Mayor of Ecuadorian city of Manta assassinated in attack

By Alexandra Valencia

QUITO (Reuters) -The mayor of the Ecuadorian Pacific port city of Manta, Agustin Intriago, was shot dead on Sunday, authorities said, in a brazen attack that stunned the political establishment.

Police said the 38-year-old Intriago, who was re-elected as mayor of Manta in February, had been inspecting public works in the city at the time of the attack.

In a video shared on social media, local police commander Alex Salgado told reporters Intriago had been hit by an undetermined number of bullets and a woman had also died in the incident, describing her as a “collateral victim.”

The municipal government of Manta said on its Twitter account that Intriago had been shot dead.

Police said on Twitter that officers had secured a truck with a grenade inside it and a gun nearby which investigators believe may have been used in the attack.

Interior Minister Juan Zapata said four other people were wounded. Two of them are suspects in the killing, he said.

It was not immediately clear why the mayor had been attacked, though Ecuador has faced an increase in violent crime that the government says is driven by power struggles between criminal gangs over the drug trafficking trade.

Manta, a city of well over 200,000 people, has been prey to such gangs, while widespread common crime fed by economic and social problems is adding to the country’s security woes.

President Guillermo Lasso expressed his sorrow over Intriago’s “assassination” in a statement on Twitter and said he had ordered authorities to bring the killers to justice.

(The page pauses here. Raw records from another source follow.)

(* Let $A$ be a finitely generated abelian group of torsion-free rank $k>0$ with a finite generating subset $S'$, and let $m$ be a fixed natural number. There exists a constant $C>0$ such that for every $\ell$, every group homomorphism $\varphi:\mathbb{Z}^\ell\to A$ and every generating subset $S$ of $\mathbb{Z}^\ell$ with $|S|\le m$, $$\|\ker(\varphi)\|_S\le C(\|\varphi\|_{S,S'})^k.$$ Moreover, there exists $m'$, not depending on $\varphi$, such that this bound is achieved by a generating subset of $\ker(\varphi)$ with at most $m'$ elements.
   Context: $\|\cdot\|_S$ is word length; $\|\varphi\|_{S,S'}=\max_{s\in S}\|\varphi(s)\|_{S'}$. For a subgroup $H$, $\|H\|_S=\min\{\max_{h\in X}\|h\|_S: X\text{ a finite generating subset of }H\}$. *)

From HB Require Import structures.
From mathcomp Require Import all_boot all_order all_algebra.
From Stdlib Require Import ClassicalEpsilon.
Set Implicit Arguments. Unset Strict Implicit. Unset Printing Implicit Defensive.
Import Order.TTheory GRing.Theory Num.Theory.
Local Open Scope ring_scope.

(* Abelian groups are written additively (zmodType).  A word in the finite
   generating list S (and its inverses) evaluates to \sum_i c_i *~ S_i with
   c_i : int; its length is \sum_i |c_i|. *)

Definition wl_le (G : zmodType) (S : seq G) (g : G) (n : nat) : Prop :=
  exists c : seq int, size c = size S /\
    g = \sum_(i < size S) S`_i *~ c`_i /\
    (\sum_(i < size S) absz (nth 0%R c i) <= n)%N.

Definition in_span (G : zmodType) (S : seq G) (g : G) : Prop :=
  exists n, wl_le S g n.

Definition generates (G : zmodType) (S : seq G) : Prop :=
  forall g : G, in_span S g.

(* word length ||g||_S : the least n with wl_le S g n (meaningful when g is
   in the span of S; otherwise an unspecified value). *)
Definition wordlen (G : zmodType) (S : seq G) (g : G) : nat :=
  epsilon (inhabits 0%N)
    (fun n => wl_le S g n /\ forall n', wl_le S g n' -> (n <= n')%N).
(* One elementary application (left-to-right) of one of the defining relations
   x_{g1} x_{g2} = x_{g2} x_{g2^-1 g1 g2}  and  x_{g1} x_{g2} = x_{g1 g2 g1^-1} x_{g1}
   (g1, g2 in C) at positions i, i+1 of the word s, producing t.
   Note: in MathComp  g1 ^ g2 = g2^-1 * g1 * g2. *)
Definition hstep (C : {set gT}) (s t : seq gT) : bool :=
  [exists i : 'I_(size s),
    let a := nth 1 s i in let b := nth 1 s i.+1 in
    [&& i.+1 < size s, a \in C, b \in C &
       (t == take i s ++ [:: b; a ^ b] ++ drop i.+2 s)
    || (t == take i s ++ [:: a * b * a^-1; a] ++ drop i.+2 s)]].

(* Symmetric version on words of length k; the congruence generated by the
   relations, restricted to words of length k, is  connect (hrel C k). *)
Definition hrel (C : {set gT}) (k : nat) : rel (k.-tuple gT) :=
  fun s t => hstep C s t || hstep C t s.

(* Words of length k over C representing elements of S(G,C)^G_1:
   the letters generate G and their product is 1. *)
Definition Wk (G : {group gT}) (C : {set gT}) (k : nat) : {set k.-tuple gT} :=
  [set t : k.-tuple gT | [&& all (fun x => x \in C) t,
                            <<[set x in (t : seq gT)]>> == (G : {set gT})
                          & \prod_(x <- t) x == 1]].

(* h_k : number of elements of S(G,C)^G_1 of length k, i.e. number of
   equivalence classes of such words. *)
Definition hcount (G : {group gT}) (C : {set gT}) (k : nat) : nat :=
  #|[set [set u | connect (@hrel C k) t u] | t in Wk G C k]|.

End Factorization.

From mathcomp Require Import all_boot all_algebra all_fingroup.
From Stdlib Require Import Classical Relation_Operators Lia.
From mathcomp Require Import zify.
Import GRing.Theory.
Set Implicit Arguments. Unset Strict Implicit. Unset Printing Implicit Defensive.

(* Let C = x^G and n = #[x].  The word x^n has product 1, and Hurwitz moves can
   gather any n + 1 equal letters d of a long word to the front and then
   conjugate the block d^n into x^n using the remaining letters, which still
   generate G.  Hence for k >= n |C| every class of length n + k is the class of
   some x^n w with w of length k, so h (n + k) <= h k.  A sequence of naturals
   with this property is eventually n-periodic, so (1 - t^n) chi(t) is a
   polynomial. *)

#[local] Arguments rst_step {A R x y} _.
#[local] Arguments rst_refl {A R x}.
#[local] Arguments rst_sym {A R x y} _.
#[local] Arguments rst_trans {A R x y z} _ _.

Section HurwitzMoves.
Local Open Scope group_scope.
Variables (gT : finGroupType) (C : {set gT}).

Definition hurwitz_move (s t : seq gT) : Prop :=
  exists p q a b, [/\ a \in C, b \in C, s = p ++ [:: a, b & q] &
     t = p ++ [:: b, a ^ b & q] \/ t = p ++ [:: a * b * a^-1, a & q]].

Definition hurwitz_equiv := clos_refl_sym_trans (seq gT) hurwitz_move.

Definition gen_word (s : seq gT) : {set gT} := <<[set y in s]>>.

Former President Rafael Correa expressed his shock, saying on Twitter: “I can’t believe this has happened.”

In May, gunmen targeted the mayor of the city of Duran. He emerged unscathed from the attack but a policeman was killed and several other people were wounded, media reported.

Intriago belonged to a local political party in Manta.

Earlier, authorities said five people were killed at the weekend and 11 more injured in the latest outbreak of gang-fueled violence roiling Ecuador’s prisons.